Lemma tdegree_fit_low (k : 'I_n) (t : T) : 2 <= th -> separated t ->
  xi k t \in fit_low -> tdegree xi n th k t = #|high_nodes t|.
Proof.
rewrite tdegreeE in_fit_low => th_ge2 sep /andP[k_gt k_le].
apply: eq_card => l; rewrite !finset.in_set in_fit_high.
have [|] := sep l; rewrite ?in_fit_mid ?in_fit_high.
  move=> /andP[_ l_le].
  have -> : (th + 1 < xi l t) = false by apply/negbTE; rewrite -leNgt; lra.
  have -> : (th < xi k t + xi l t) = false by apply/negbTE; rewrite -leNgt; lra.
  by rewrite andbF.
move=> l_gt; rewrite l_gt (_ : th < _) ?andbT; last by lra.
by apply/eqP => lk; move: l_gt; rewrite lk; lra.
Qed.

Lemma card_high_nodes_le (k : 'I_n) (t : T) : 0 <= th ->
  separated t -> (#|high_nodes t| <= (tdegree xi n th k t).+1)%N.
Proof.
move=> th_ge0 sep; have xik_gt : -1 < xi k t.
  by case: (sep k); rewrite ?in_fit_mid ?in_fit_high; [case/andP | move=> ?; lra].
rewrite tdegreeE (cardsD1 k (high_nodes t)) -add1n; apply: leq_add; first exact: leq_b1.
apply: subset_leq_card; apply/fintype.subsetP => l.
rewrite in_setD1 !finset.in_set in_fit_high => /andP[-> l_gt] /=; lra.
Qed.

Lemma frac_degree_eq0 (dg : nat) (t : T) : 0 <= th -> separated t ->
  #|high_nodes t| = dg.+2 -> frac_degree xi n th dg t = 0.
Proof.
move=> th_ge0 sep card_high; rewrite /frac_degree big1 ?mul0r // => k _.
case: eqP => // deg_k; have := card_high_nodes_le k t th_ge0 sep.
by rewrite card_high deg_k ltnn.
Qed.

Lemma separated_high_nodesE (S : {set 'I_n}) :
  separated `&` high_nodes @^-1` [set S] =
  [set t | forall i : 'I_n, xi i t \in (if i \in S then fit_high th else fit_mid th)].
Proof.
apply/seteqP; split=> t /=.
  move=> [sep <-] i; rewrite finset.in_set; case: ifPn => // not_high.
  by case: (sep i) => //; rewrite (negbTE not_high).
move=> h; split=> [i | ].
  by have := h i; case: (i \in S) => ?; [right | left].
apply/setP => i; rewrite finset.in_set; have := h i; case: (i \in S) => //.
by rewrite in_fit_mid in_fit_high => /andP[_ ?]; apply/negbTE; rewrite -leNgt; lra.
Qed.

Lemma separated_low_high_nodesE (S : {set 'I_n}) (k : 'I_n) : 2 <= th -> k \notin S ->
  separated `&` xi k @^-1` [set` fit_low] `&` high_nodes @^-1` [set S] =
  [set t | forall i : 'I_n, xi i t \in
    (if i \in S then fit_high th else if i == k then fit_low else fit_mid th)].
Proof.
move=> th_ge2 kS; rewrite setIAC separated_high_nodesE; apply/seteqP; split=> t /=.
  by move=> [h low_k] i; have := h i; case: (i \in S) => //; case: eqP => [->|].
move=> h; split=> [i | ]; last by have := h k; rewrite (negbTE kS) eqxx.
have := h i; case: (i \in S) => //; case: (i == k) => //.
by rewrite in_fit_low in_fit_mid => /andP[? ?]; apply/andP; split; lra.
Qed.

End threshold_graph.

Section estimates.
Context {R : realType}.

Lemma expR_neg_double_le (x : R) : 0 <= x <= 1 / 2 -> expR (- (2 * x)) <= 1 - x.
Proof.
case/andP=> x_ge0 x_le; rewrite expRN.
have pos : 0 < 1 + 2 * x by lra.
apply: le_trans (_ : (1 + 2 * x)^-1 <= _).
  by rewrite lef_pV2 ?posrE ?expR_gt0 // expR_ge1Dx.
have prod_ge0 : 0 <= x * (1 - 2 * x) by rewrite mulr_ge0 //; lra.
by rewrite -[X in X <= _]mul1r ler_pdivrMr //; nra.
Qed.

Lemma pow_1B_ge (a : R) (n k : nat) : 0 <= a -> 2 * a <= n%:R -> (k <= n)%N ->
  expR (- (2 * a)) <= (1 - a / n%:R) ^+ k.
Proof.
move=> a_ge0 a_le le_kn; have [n0|n_gt0] := posnP n.
  by move: le_kn a_le; rewrite n0 leqn0 => /eqP -> ?; rewrite expr0 expR_le1; lra.
have n_pos : (0 : R) < n%:R by rewrite ltr0n.
have x_ge0 : 0 <= a / n%:R by rewrite divr_ge0 ?ler0n.
have x_le : a / n%:R <= 1 / 2 by rewrite ler_pdivrMr //; lra.
apply: le_trans (_ : (1 - a / n%:R) ^+ n <= _); last first.
  rewrite -[X in _ ^+ X <= _](subnK le_kn) exprD ler_piMl ?exprn_ge0 ?exprn_ile1 //; lra.
have -> : - (2 * a) = - (2 * (a / n%:R)) * n%:R by field; lra.
by rewrite expRM_natr lerXn2r ?nnegrE ?expR_ge0 ?expR_neg_double_le ?x_ge0 //; lra.
Qed.

Lemma ffact_ge (N m : nat) : ((N - m) ^ m <= N ^_ m)%N.
Proof.
elim: m N => [|m IH] [|N] //=; first by rewrite sub0n exp0n.
by rewrite ffactSS subSS expnS leq_mul // (leq_trans (leq_subr _ _)).
Qed.

(* A lower bound for C(N, m) (e^-lam / n)^m (1 - e^lam / n)^(N - m) when n is large and
   N is n or n - 1, from C(N, m) m! >= (N - m)^m >= (n / 2)^m and
   (1 - e^lam / n)^(N - m) >= exp (-2 e^lam). *)
Definition kappa (lam : R) (m : nat) : R :=
  (expR (- lam) / 2) ^+ m / m`!%:R * expR (- (2 * expR lam)).

Lemma kappa_gt0 (lam : R) (m : nat) : 0 < kappa lam m.
Proof.
by rewrite /kappa !mulr_gt0 ?invr_gt0 ?exprn_gt0 ?mulr_gt0 ?invr_gt0 ?ltr0n ?fact_gt0 ?expR_gt0.
Qed.

Definition degree_lb (lam : R) (dg : nat) : R := kappa lam dg * (1 - expR (- lam)).

Lemma degree_lb_gt0 (lam : R) (dg : nat) : 0 < lam -> 0 < degree_lb lam dg.
Proof. by move=> lam_gt0; rewrite mulr_gt0 ?kappa_gt0 // subr_gt0 expR_lt1 oppr_lt0. Qed.

Definition big_enough (lam : R) (m n : nat) : Prop :=
  [/\ (2 * m + 2 <= n)%N, expR (2 * lam) <= n%:R & 2 * expR lam <= n%:R].

Lemma big_enough_near (lam : R) (m : nat) : \forall n \near \oo, big_enough lam m n.+2.
Proof.
have [N _ geN] := nbhs_infty_ger (expR (2 * lam) + 2 * expR lam + (2 * m + 2)%N%:R).
exists N => // n /geN le_n; have := expR_gt0 lam; have := expR_gt0 (2 * lam).
have : (0 : R) <= (2 * m + 2)%N%:R := ler0n _ _.
have : (n%:R : R) <= n.+2%:R by rewrite ler_nat; lia.
by split; [rewrite -(ler_nat R) | |]; lra.
Qed.

Lemma binomial_term_ge (lam : R) (m n N : nat) : big_enough lam m n ->
  (N <= n <= N.+1)%N ->
  kappa lam m <=
  'C(N, m)%:R * (expR (- lam) / n%:R) ^+ m * (1 - expR lam / n%:R) ^+ (N - m).
Proof.
move=> [le_mn _ le_exp] /andP[le_Nn le_nN].
have n_pos : (0 : R) < n%:R by rewrite ltr0n; lia.
have binom_ge : (n%:R / 2) ^+ m <= 'C(N, m)%:R * m`!%:R :> R.
  rewrite -natrM bin_ffact; apply: le_trans (_ : ((N - m) ^ m)%:R <= _); last first.
    by rewrite ler_nat ffact_ge.
  rewrite natrX lerXn2r ?nnegrE ?divr_ge0 ?ler0n // ler_pdivrMr // -natrM ler_nat; lia.
rewrite /kappa ler_pM ?mulr_ge0 ?invr_ge0 ?exprn_ge0 ?divr_ge0 ?expR_ge0 ?ler0n //; last first.
  by apply: pow_1B_ge; rewrite ?expR_ge0 //; lia.
rewrite ler_pdivrMr ?ltr0n ?fact_gt0 // -mulrA [_ ^+ m * _]mulrC mulrA.
have -> : (expR (- lam) / 2) ^+ m = (expR (- lam) / n%:R) ^+ m * (n%:R / 2) ^+ m.
  by rewrite -exprMn; congr (_ ^+ _); field; lra.
by rewrite mulrC ler_wpM2r ?exprn_ge0 ?divr_ge0 ?expR_ge0 ?ler0n.
Qed.

End estimates.

Section independence.
Context {d : measure_display} {T : measurableType d} {R : realType}.
Context {P : probability T R} {xi : nat -> T -> R}.
Hypotheses (xi_meas : forall i, measurable_fun [set: T] (xi i))
  (xi_indep : mutually_independent P xi).

Lemma measurable_xi_preimage (i : nat) (B : set R) :
  measurable B -> measurable (xi i @^-1` B).
Proof. by move=> mB; rewrite -[_ @^-1` _]setTI; exact: xi_meas. Qed.

Lemma Pr_forall_ord (n : nat) (C : 'I_n -> set R) : (forall i, measurable (C i)) ->
  Pr P [set t | forall i, C i (xi i t)] = \prod_(i < n) Pr P (xi i @^-1` C i).
Proof.
move=> mC; pose B k := if insub k is Some i then C i else setT.
have BE (i : 'I_n) : B i = C i by rewrite /B valK.
have mB k : measurable (B k) by rewrite /B; case: insub.
have := xi_indep _ B (iota_uniq 0 n) mB.
rewrite -val_enum_ord !big_map -enumT !big_enum /= (eq_bigl xpredT) //.
rewrite [X in _ = X](eq_bigl xpredT) // => indep.
apply/EFin_inj; rewrite -prodEFin -PrE; last first.
  by apply: measurable_forall_fin => i; exact: measurable_xi_preimage.
have -> : [set t | forall i, C i (xi i t)] = \big[setI/setT]_(i < n) (xi i @^-1` B i).
  apply/seteqP; split=> t; last by move=> + i; rewrite (bigD1 i) //= BE => -[].
  by move=> h; elim/big_ind: _ => // i _; rewrite /= BE; exact: h.
rewrite indep; apply: eq_big => // i _.
by rewrite BE -PrE //; exact: measurable_xi_preimage.
Qed.

End independence.

Section theta_star.
Context {R : realType} {lam : R}.
Hypothesis lam_gt0 : 0 < lam.

Lemma expR_mul_theta_star (n : nat) : (0 < n)%N -> expR (lam * theta_star lam n) = n%:R.
Proof.
by move=> n_gt0; rewrite /theta_star mulrA divff ?gt_eqF // mul1r lnK // posrE ltr0n.
Qed.

Lemma theta_star_ge2 (n : nat) : expR (2 * lam) <= n%:R -> 2 <= theta_star lam n.
Proof.
move=> le_n; have n_pos : (0 : R) < n%:R by apply: lt_le_trans le_n; exact: expR_gt0.
by rewrite /theta_star ler_pdivlMl // mulrC -ler_expR lnK ?posrE.
Qed.

End theta_star.

Section random_threshold_graph.
Context {d : measure_display} {T : measurableType d} {R : realType}.
Context {P : probability T R} {lam : R} {xi : nat -> T -> R}.
Hypotheses (lam_gt0 : 0 < lam) (xi_meas : forall i, measurable_fun [set: T] (xi i))
  (xi_indep : mutually_independent P xi) (xi_exp : forall i, exponential_rv P lam (xi i)).

Let n_gt0 (n : nat) : expR (2 * lam) <= n%:R -> (0 < n)%N.
Proof. by move=> le_n; rewrite -(ltr0n R); apply: lt_le_trans le_n; exact: expR_gt0. Qed.

Lemma Pr_fit_high (i n : nat) : expR (2 * lam) <= n%:R ->
  Pr P (xi i @^-1` [set` fit_high (theta_star lam n)]) = expR (- lam) / n%:R.
Proof.
move=> le_n; have th_ge2 := theta_star_ge2 lam_gt0 _ le_n.
rewrite (Pr_exponential_gt (xi_meas i) (xi_exp i)) max_l; last by lra.
rewrite mulrDr mulr1 mulNr expRD [expR (- (_ * _))]expRN.
by rewrite (expR_mul_theta_star lam_gt0) ?n_gt0 // mulrC.
Qed.

Lemma Pr_fit_mid (i n : nat) : expR (2 * lam) <= n%:R ->
  Pr P (xi i @^-1` [set` fit_mid (theta_star lam n)]) = 1 - expR lam / n%:R.
Proof.
move=> le_n; have th_ge2 := theta_star_ge2 lam_gt0 _ le_n.
rewrite (Pr_exponential_itv (xi_meas i) (xi_exp i)); last by lra.
rewrite (@max_r _ _ (-1)) ?(@max_l _ _ (_ - 1)); try lra.
rewrite mulr0 expR0 mulrDr mulrN1 mulNr opprK expRD [expR (- (_ * _))]expRN.
by rewrite (expR_mul_theta_star lam_gt0) ?n_gt0 // mulrC.
Qed.

Lemma Pr_fit_low (i : nat) : Pr P (xi i @^-1` [set` fit_low]) = 1 - expR (- lam).
Proof.
rewrite (Pr_exponential_itv (xi_meas i) (xi_exp i)); last by lra.
by rewrite max_r ?max_l ?mulr0 ?expR0 ?mulr1 //; lra.
Qed.

Lemma measurable_separated (n : nat) (th : R) : measurable (separated xi n th).
Proof.
have mA (i : 'I_n) : measurable (xi i @^-1` ([set` fit_mid th] `|` [set` fit_high th])).
  by apply: measurable_xi_preimage => //; apply: measurableU; exact: measurable_itv.
exact: measurable_forall_fin mA.
Qed.

Lemma measurable_high_nodes (n : nat) (th : R) (A : set {set 'I_n}) :
  measurable (high_nodes xi n th @^-1` A).
Proof.
apply: measurable_finset_preimage => i; rewrite /high_nodes.
under eq_set do rewrite finset.in_set.
exact: measurable_xi_preimage xi_meas i _ (measurable_itv _).
Qed.

Lemma measurable_degree_set (n : nat) (th : R) (dg : nat) (A : set {set 'I_n}) :
  measurable (degree_set xi n th dg @^-1` A).
Proof.
apply: measurable_finset_preimage => k; under eq_set do rewrite finset.in_set tdegreeE.
pose nbrs t := [set l | (l != k) && (th < xi k t + xi l t)]%SET.
suff mnbrs l : measurable [set t | l \in nbrs t].
  exact: (measurable_finset_preimage _ nbrs [set B : {set 'I_n} | #|B| == dg] mnbrs).
under eq_set do rewrite finset.in_set.
case: (l != k) => /=; last by rewrite (_ : [set _ | _] = set0) //; apply/seteqP; split.
have mD := measurable_realfun.measurable_funD (xi_meas k) (xi_meas l).
have := mD measurableT _ (measurable_itv `]th, +oo[).
by rewrite setTI; congr measurable; apply/seteqP; split=> t; rewrite /= in_itv /= andbT.
Qed.

Lemma measurable_frac_degree (n : nat) (th : R) (dg : nat) (B : set R) :
  measurable [set t | B (frac_degree xi n th dg t)].
Proof.
under eq_set do rewrite frac_degreeE.
exact: (measurable_degree_set n th dg [set D : {set 'I_n} | B (#|D|%:R / n%:R)]).
Qed.

Lemma Pr_profile (n : nat) (S : {set 'I_n}) (F : 'I_n -> interval R) :
  expR (2 * lam) <= n%:R ->
  Pr P [set t | forall i : 'I_n,
    xi i t \in (if i \in S then fit_high (theta_star lam n) else F i)] =
  (expR (- lam) / n%:R) ^+ #|S| * \prod_(i in ~: S) Pr P (xi i @^-1` [set` F i]).
Proof.
move=> le_n; pose C i := [set` if i \in S then fit_high (theta_star lam n) else F i].
have mC i : measurable (C i) by exact: measurable_itv.
rewrite [LHS](Pr_forall_ord xi_meas xi_indep _ _ mC) (bigID (mem S)) /=.
rewrite (eq_bigr (fun=> expR (- lam) / n%:R)) => [|i iS]; last by rewrite /C iS Pr_fit_high.
rewrite prodr_const; congr (_ * _); apply: eq_big => [i | i iS]; first by rewrite inE.
by rewrite /C (negbTE iS).
Qed.

Lemma Pr_separated_card_high (n m : nat) : expR (2 * lam) <= n%:R ->
  Pr P (separated xi n (theta_star lam n) `&`
        high_nodes xi n (theta_star lam n) @^-1` [set S : {set 'I_n} | #|S| == m]) =
  'C(n, m)%:R * (expR (- lam) / n%:R) ^+ m * (1 - expR lam / n%:R) ^+ (n - m).
Proof.
move=> le_n; have mH S := measurable_high_nodes n (theta_star lam n) [set S].
rewrite Pr_fin_partition //; last exact: measurable_separated.
rewrite (eq_bigr (fun=> (expR (- lam) / n%:R) ^+ m * (1 - expR lam / n%:R) ^+ (n - m))).
  have := card_draws 'I_n m; rewrite card_ord cardsE => <-.
  by rewrite sumr_const -mulrA mulr_natl.
move=> S /eqP card_S; rewrite separated_high_nodesE Pr_profile // card_S.
under eq_bigr do rewrite Pr_fit_mid //.
rewrite prodr_const.
by have := cardsC S; rewrite card_ord card_S => /(canRL (addKn m)) <-.
Qed.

....

Every line from the start of the listing through the line with "move=> h; split=> [i | ]." should be reproduced exactly, and no other line.

Lemma tdegree_fit_low (k : 'I_n) (t : T) : 2 <= th -> separated t ->
  xi k t \in fit_low -> tdegree xi n th k t = #|high_nodes t|.
Proof.
rewrite tdegreeE in_fit_low => th_ge2 sep /andP[k_gt k_le].
apply: eq_card => l; rewrite !finset.in_set in_fit_high.
have [|] := sep l; rewrite ?in_fit_mid ?in_fit_high.
  move=> /andP[_ l_le].
  have -> : (th + 1 < xi l t) = false by apply/negbTE; rewrite -leNgt; lra.
  have -> : (th < xi k t + xi l t) = false by apply/negbTE; rewrite -leNgt; lra.
  by rewrite andbF.
move=> l_gt; rewrite l_gt (_ : th < _) ?andbT; last by lra.
by apply/eqP => lk; move: l_gt; rewrite lk; lra.
Qed.

Lemma card_high_nodes_le (k : 'I_n) (t : T) : 0 <= th ->
  separated t -> (#|high_nodes t| <= (tdegree xi n th k t).+1)%N.
Proof.
move=> th_ge0 sep; have xik_gt : -1 < xi k t.
  by case: (sep k); rewrite ?in_fit_mid ?in_fit_high; [case/andP | move=> ?; lra].
rewrite tdegreeE (cardsD1 k (high_nodes t)) -add1n; apply: leq_add; first exact: leq_b1.
apply: subset_leq_card; apply/fintype.subsetP => l.
rewrite in_setD1 !finset.in_set in_fit_high => /andP[-> l_gt] /=; lra.
Qed.

Lemma frac_degree_eq0 (dg : nat) (t : T) : 0 <= th -> separated t ->
  #|high_nodes t| = dg.+2 -> frac_degree xi n th dg t = 0.
Proof.
move=> th_ge0 sep card_high; rewrite /frac_degree big1 ?mul0r // => k _.
case: eqP => // deg_k; have := card_high_nodes_le k t th_ge0 sep.
by rewrite card_high deg_k ltnn.
Qed.

Lemma separated_high_nodesE (S : {set 'I_n}) :
  separated `&` high_nodes @^-1` [set S] =
  [set t | forall i : 'I_n, xi i t \in (if i \in S then fit_high th else fit_mid th)].
Proof.
apply/seteqP; split=> t /=.
  move=> [sep <-] i; rewrite finset.in_set; case: ifPn => // not_high.
  by case: (sep i) => //; rewrite (negbTE not_high).
move=> h; split=> [i | ].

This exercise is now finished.